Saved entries

.....

(* Let $d\ge2$, $j\in[d-1]$, $j\le k\le d$, and $R$ an abelian group with at least two elements. If in a simplicial complex $\mathcal G$ on $[n]$ the 4-tuple $(K,C,w,a)$ forms a copy of $\hat M_{j,k}$, then $H^j(\mathcal G;R)\neq0$.
   Context: $H^j(\mathcal G;R)$ is the $j$-th simplicial cohomology group with coefficients in $R$. A $(j+2)$-set is a $j$-shell in $\mathcal G$ if all its $(j+1)$-subsets are $j$-simplices ($i$-simplices being members of size $i+1$). For $j+1\le k\le d$, $(K,C,w,a)$ is a copy of $\hat M_{j,k}$ if $K$ is a $k$-simplex of $\mathcal G$; $C\subset K$ with $|C|=j$ such that every simplex of $\mathcal G$ containing some set $C\cup\{x\}$, $x\in K\setminus C$, is contained in $K$; $w\in K\setminus C$ and $a\in[n]\setminus K$ with $C\cup\{w,a\}$ a $j$-shell. For $k=j$: $(K,C,w,a)$ is a copy of $\hat M_{j,j}$ if $K$ is an isolated $j$-simplex (contained in no other simplex of $\mathcal G$), $a\in[n]\setminus K$ with $K\cup\{a\}$ a $j$-shell, $C$ is the set of first $j$ vertices of $K$ and $w$ the last vertex of $K$ in increasing order on $[n]$. *)

From HB Require Import structures.
From mathcomp Require Import all_boot all_order all_algebra.
Set Implicit Arguments. Unset Strict Implicit. Unset Printing Implicit Defensive.
Import GRing.Theory.
Local Open Scope ring_scope.

Definition simplicial_complex (n : nat) (G : {set {set 'I_n}}) : Prop :=
  forall s t : {set 'I_n}, s \in G -> t \subset s -> t \in G.

Definition is_simplex (n : nat) (G : {set {set 'I_n}}) (i : nat) (s : {set 'I_n}) : Prop :=
  s \in G /\ #|s| = i.+1.

Definition is_shell (n : nat) (G : {set {set 'I_n}}) (j : nat) (S : {set 'I_n}) : Prop :=
  #|S| = j.+2 /\ forall T : {set 'I_n}, T \subset S -> #|T| = j.+1 -> T \in G.

(* Simplicial cochains with coefficients in R: functions on sets of vertices
   (only their values on simplices of the relevant dimension matter).
   Simplices are oriented by the increasing order of [n]; the sign of vertex x
   in s is (-1)^(number of vertices of s smaller than x). *)
Definition sgn_at (R : zmodType) (b : nat) (v : R) : R := if odd b then - v else v.

Definition coboundary (R : zmodType) (n : nat) (f : {set 'I_n} -> R)
  (s : {set 'I_n}) : R :=
  \sum_(x in s) sgn_at #|[set y in s | (y < x)%N]| (f (s :\ x)).

Definition cocycle (R : zmodType) (n : nat) (G : {set {set 'I_n}}) (j : nat)
  (f : {set 'I_n} -> R) : Prop :=
  forall s, is_simplex G j.+1 s -> coboundary f s = 0.

Definition cobound (R : zmodType) (n : nat) (G : {set {set 'I_n}}) (j : nat)
  (f : {set 'I_n} -> R) : Prop :=
  exists g : {set 'I_n} -> R, forall s, is_simplex G j s -> f s = coboundary g s.

Definition cohom_nonzero (R : zmodType) (n : nat) (G : {set {set 'I_n}}) (j : nat) : Prop :=
  exists f : {set 'I_n} -> R, cocycle G j f /\ ~ cobound G j f.

Definition copy_Mhat (n : nat) (G : {set {set 'I_n}}) (j k : nat)
  (K C : {set 'I_n}) (w a : 'I_n) : Prop :=
  if (j < k)%N then
    is_simplex G k K /\ C \subset K /\ #|C| = j /\
    (forall x, x \in K :\: C ->
       forall s, s \in G -> C :|: [set x] \subset s -> s \subset K) /\
    w \in K :\: C /\ a \notin K /\ is_shell G j (C :|: [set w; a])
  else if k == j then
    is_simplex G j K /\
    (forall s, s \in G -> K \subset s -> s = K) /\
    a \notin K /\ is_shell G j (K :|: [set a]) /\
    w \in K /\ (forall y, y \in K -> (y <= w)%N) /\ C = K :\ w
  else False.

From HB Require Import structures.
From mathcomp Require Import all_boot all_order all_algebra.
Set Implicit Arguments. Unset Strict Implicit. Unset Printing Implicit Defensive.
Import GRing.Theory.

(* The nonzero class is carried by the elementary cochain of a free face: for
   k = j the indicator of the isolated simplex K, for k > j the coboundary of
   the indicator of C, cut off outside K.  It is a cocycle because every
   simplex through C and a further vertex of K lies in K, where the cut-off is
   invisible and delta delta = 0 applies.  On the j-shell with apex a outside K
   it is nonzero on exactly one facet, the one avoiding a; so its coboundary on
   the shell is nonzero, whereas that of a coboundary vanishes by
   delta delta = 0 again. *)

Local Open Scope ring_scope.

Section Sign.
Variable R : zmodType.

Lemma sgn_atS b (v : R) : sgn_at b.+1 v = - sgn_at b v.
Proof. by rewrite /sgn_at /=; case: (odd b); rewrite ?opprK. Qed.

Lemma sgn_atD b c (v : R) : sgn_at (b + c) v = sgn_at b (sgn_at c v).
Proof. by rewrite /sgn_at oddD; case: (odd b); case: (odd c); rewrite /= ?opprK. Qed.

Lemma sgn_at_sum b I (r : seq I) (P : pred I) (F : I -> R) :
  sgn_at b (\sum_(i <- r | P i) F i) = \sum_(i <- r | P i) sgn_at b (F i).
Proof. by rewrite /sgn_at; case: (odd b); rewrite ?sumrN. Qed.

Lemma sgn_at_eq0 b (v : R) : (sgn_at b v == 0) = (v == 0).
Proof. by rewrite /sgn_at; case: (odd b); rewrite ?oppr_eq0. Qed.

Lemma sgn_at0 b : sgn_at b (0 : R) = 0.
Proof. by apply/eqP; rewrite sgn_at_eq0. Qed.

End Sign.

Section Coboundary.
Variables (R : zmodType) (n : nat).
Implicit Types (C K S T U s : {set 'I_n}) (G : {set {set 'I_n}}) (x y : 'I_n) (r : R).

Definition rank_in S x := #|[set y in S | (y < x)%N]|.

Lemma rank_in_setD1_gt S x y : (y < x)%N -> rank_in (S :\ x) y = rank_in S y.
Proof.
move=> yx; apply: eq_card => z; rewrite !inE.
have [zy|] := ltnP z y; rewrite ?andbF ?andbT //.
by case: eqP zy => // -> /(ltn_trans yx); rewrite ltnn.
Qed.

Lemma rank_in_setD1_lt S x y : y \in S -> (y < x)%N ->
  rank_in S x = (rank_in (S :\ y) x).+1.
Proof.
move=> yS yx; rewrite /rank_in.
rewrite (_ : [set z in S | _] = y |: [set z in S :\ y | (z < x)%N]).
  by rewrite cardsU1 !inE eqxx.
by apply/setP => z; rewrite !inE; case: eqVneq => [->|]; rewrite ?yS ?yx.
Qed.

Lemma sum_antisym S (F : 'I_n -> 'I_n -> R) :
  (forall x y, x \in S -> y \in S -> (y < x)%N -> F y x = - F x y) ->
  \sum_(x in S) \sum_(y in S | y != x) F x y = 0.
Proof.
move=> antiF.
(* R may have 2-torsion, so pair (x, y) with (y, x) rather than symmetrising. *)
pose B x y := if [&& x \in S, y \in S & (y < x)%N] then F x y else 0.
have splitF x y : x \in S -> y \in S -> y != x -> F x y = B x y - B y x.
  move=> xS yS; rewrite /B xS yS neq_ltn => /orP[yx|xy].
    by rewrite yx ltnNge ltnW //= subr0.
  by rewrite xy ltnNge ltnW //= sub0r antiF.
have -> : \sum_(x in S) \sum_(y in S | y != x) F x y = \sum_x \sum_y (B x y - B y x).
  rewrite big_mkcond; apply: eq_bigr => x _; case: ifP => xS; last first.
    by rewrite big1 // => y _; rewrite /B xS !andbF subrr.
  rewrite [RHS](bigID (fun y => (y \in S) && (y != x))) /=.
  rewrite [X in _ + X]big1 ?addr0 => [|y /nandP[yS|/negPn/eqP ->]].
  - by apply: eq_bigr => y /andP[yS yx]; apply: splitF.
  - by rewrite /B (negbTE yS) !andbF subrr.
  - by rewrite subrr.
by rewrite (eq_bigr _ (fun x _ => sumrB _ _ _ _)) sumrB exchange_big subrr.
Qed.

Lemma coboundary_coboundary (g : {set 'I_n} -> R) S :
  coboundary (coboundary g) S = 0.
Proof.
pose F x y := sgn_at (rank_in S x + rank_in (S :\ x) y) (g (S :\ x :\ y)).
rewrite -[RHS](@sum_antisym S F) => [|x y xS yS yx]; last first.
  rewrite /F (rank_in_setD1_gt S yx) (rank_in_setD1_lt yS yx).
  by rewrite addSn sgn_atS opprK addnC !setDDl setUC.
apply: eq_bigr => x _; rewrite /coboundary sgn_at_sum.
rewrite (eq_bigl (fun y => (y \in S) && (y != x))) => [|y]; last first.
  by rewrite !inE andbC.
by apply: eq_big => // y _; rewrite -sgn_atD.
Qed.

Lemma shell_not_cobound G j T a (f : {set 'I_n} -> R) :
  a \notin T -> is_shell G j (a |: T) -> f T != 0 ->
  (forall U, a \in U -> f U = 0) -> ~ cobound G j f.
Proof.
move=> aT [cardS faceS] fT0 f0 [g fg].
have facet_simplex x : x \in a |: T -> is_simplex G j ((a |: T) :\ x).
  move=> xS; have cardD : #|(a |: T) :\ x| = j.+1.
    by move: cardS; rewrite (cardsD1 x) xS => -[].
  by split=> //; apply: faceS => //; apply: subD1set.
have : coboundary f (a |: T) = coboundary (coboundary g) (a |: T).
  by apply: eq_bigr => x xS; rewrite fg //; apply: facet_simplex.
rewrite coboundary_coboundary /coboundary (bigD1 a) ?setU11 //= setU1K //.
rewrite big1 ?addr0 => [/eqP|x /andP[_ xa]]; first by rewrite sgn_at_eq0 (negbTE fT0).
by rewrite f0 ?sgn_at0 // !inE eq_sym xa eqxx.
Qed.

Definition elem_cochain T r U : R := if U == T then r else 0.

Lemma coboundary_elem_eq0 T r s :
  (forall x, x \in s -> s :\ x != T) -> coboundary (elem_cochain T r) s = 0.
Proof.
by move=> sT; apply: big1 => x xs; rewrite /elem_cochain (negbTE (sT x xs)) sgn_at0.
Qed.

Lemma coboundary_elem_setU1_eq0 T r x : x \notin T ->
  (coboundary (elem_cochain T r) (x |: T) == 0) = (r == 0).
Proof.
move=> xT; rewrite /coboundary (bigD1 x) ?setU11 //= big1 ?addr0.
  by rewrite /elem_cochain setU1K // eqxx sgn_at_eq0.
move=> y /andP[_ yx]; rewrite /elem_cochain ifN ?sgn_at0 //.
by apply: contraNneq xT => <-; rewrite !inE eq_sym yx eqxx.
Qed.

Definition restrict K (f : {set 'I_n} -> R) U : R :=
  if U \subset K then f U else 0.

Lemma restrict_coboundary_cocycle G j K C r :
  (forall x, x \in K :\: C ->
     forall s, s \in G -> C :|: [set x] \subset s -> s \subset K) ->
  cocycle G j (restrict K (coboundary (elem_cochain C r))).
Proof.
move=> linkC s [sG _]; have [sK|sNK] := boolP (s \subset K).
  rewrite -[RHS](coboundary_coboundary (elem_cochain C r) s).
  by apply: eq_bigr => x _; rewrite /restrict (subset_trans (subD1set s x) sK).
apply: big1 => x xs; rewrite /restrict; case: ifP => sxK; last by rewrite sgn_at0.
rewrite coboundary_elem_eq0 ?sgn_at0 // => y ys; apply: contraNneq sNK => defC.
have yK : y \in K := subsetP sxK y ys.
apply: (linkC y) => //; first by rewrite -defC !inE eqxx yK.
rewrite -defC subUset sub1set (subset_trans (subD1set _ _) (subD1set _ _)).
by move: ys; rewrite inE => /andP[].
Qed.

Lemma isolated_elem_cocycle G j K r :
  (forall s, s \in G -> K \subset s -> s = K) -> cocycle G j (elem_cochain K r).
Proof.
move=> isoK s [sG _]; apply: coboundary_elem_eq0 => x xs.
apply/eqP => sxK; have sK : s = K by apply: isoK; rewrite // -sxK subD1set.
by move: xs sxK; rewrite sK => xK /setP/(_ x); rewrite !inE eqxx xK.
Qed.

End Coboundary.

Theorem corollary4p9 (d j k n : nat) (R : zmodType)
  (G : {set {set 'I_n}}) (K C : {set 'I_n}) (w a : 'I_n) :
  (2 <= d)%N -> (1 <= j)%N -> (j <= d - 1)%N -> (j <= k)%N -> (k <= d)%N ->
  (exists x y : R, x <> y) ->
  simplicial_complex G ->
  copy_Mhat G j k K C w a ->
  cohom_nonzero R G j.
Proof.
move=> _ _ _ _ _ [x1 [x2 /eqP x12]] _; have r0 : x1 - x2 != 0 by rewrite subr_eq0.
rewrite /copy_Mhat; case: ifP => _; last case: ifP => // _.
- move=> [_ [CK [_ [linkC [/setDP[wK wC] [aK shell]]]]]].
  exists (restrict K (coboundary (elem_cochain C (x1 - x2)))).
  split; first exact: restrict_coboundary_cocycle.
  have aC : a \notin C by apply: contra aK; apply: (subsetP CK).
  apply: (@shell_not_cobound _ _ _ _ (w |: C) a).
  - by rewrite !inE negb_or aC andbT; apply: contraNneq aK => ->.
  - suff -> : a |: (w |: C) = C :|: [set w; a] by [].
    by apply/setP => z; rewrite !inE; case: (z == a); case: (z == w); case: (z \in C).
  - by rewrite /restrict subUset sub1set wK CK coboundary_elem_setU1_eq0.
  - by move=> U aU; rewrite /restrict ifN //; apply: contra aK => /subsetP; apply.
- move=> [_ [isoK [aK [shell _]]]].
  exists (elem_cochain K (x1 - x2)); split; first exact: isolated_elem_cocycle.
  apply: (shell_not_cobound aK); first by rewrite setUC.
    by rewrite /elem_cochain eqxx.
  by move=> U aU; rewrite /elem_cochain ifN //; apply: contraNneq aK => <-.
Qed.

.....

## ABOUT THIS TASK
In how many lines of the records does the word "defC" appear? Reply with the number only.

## RESULT BELOW
3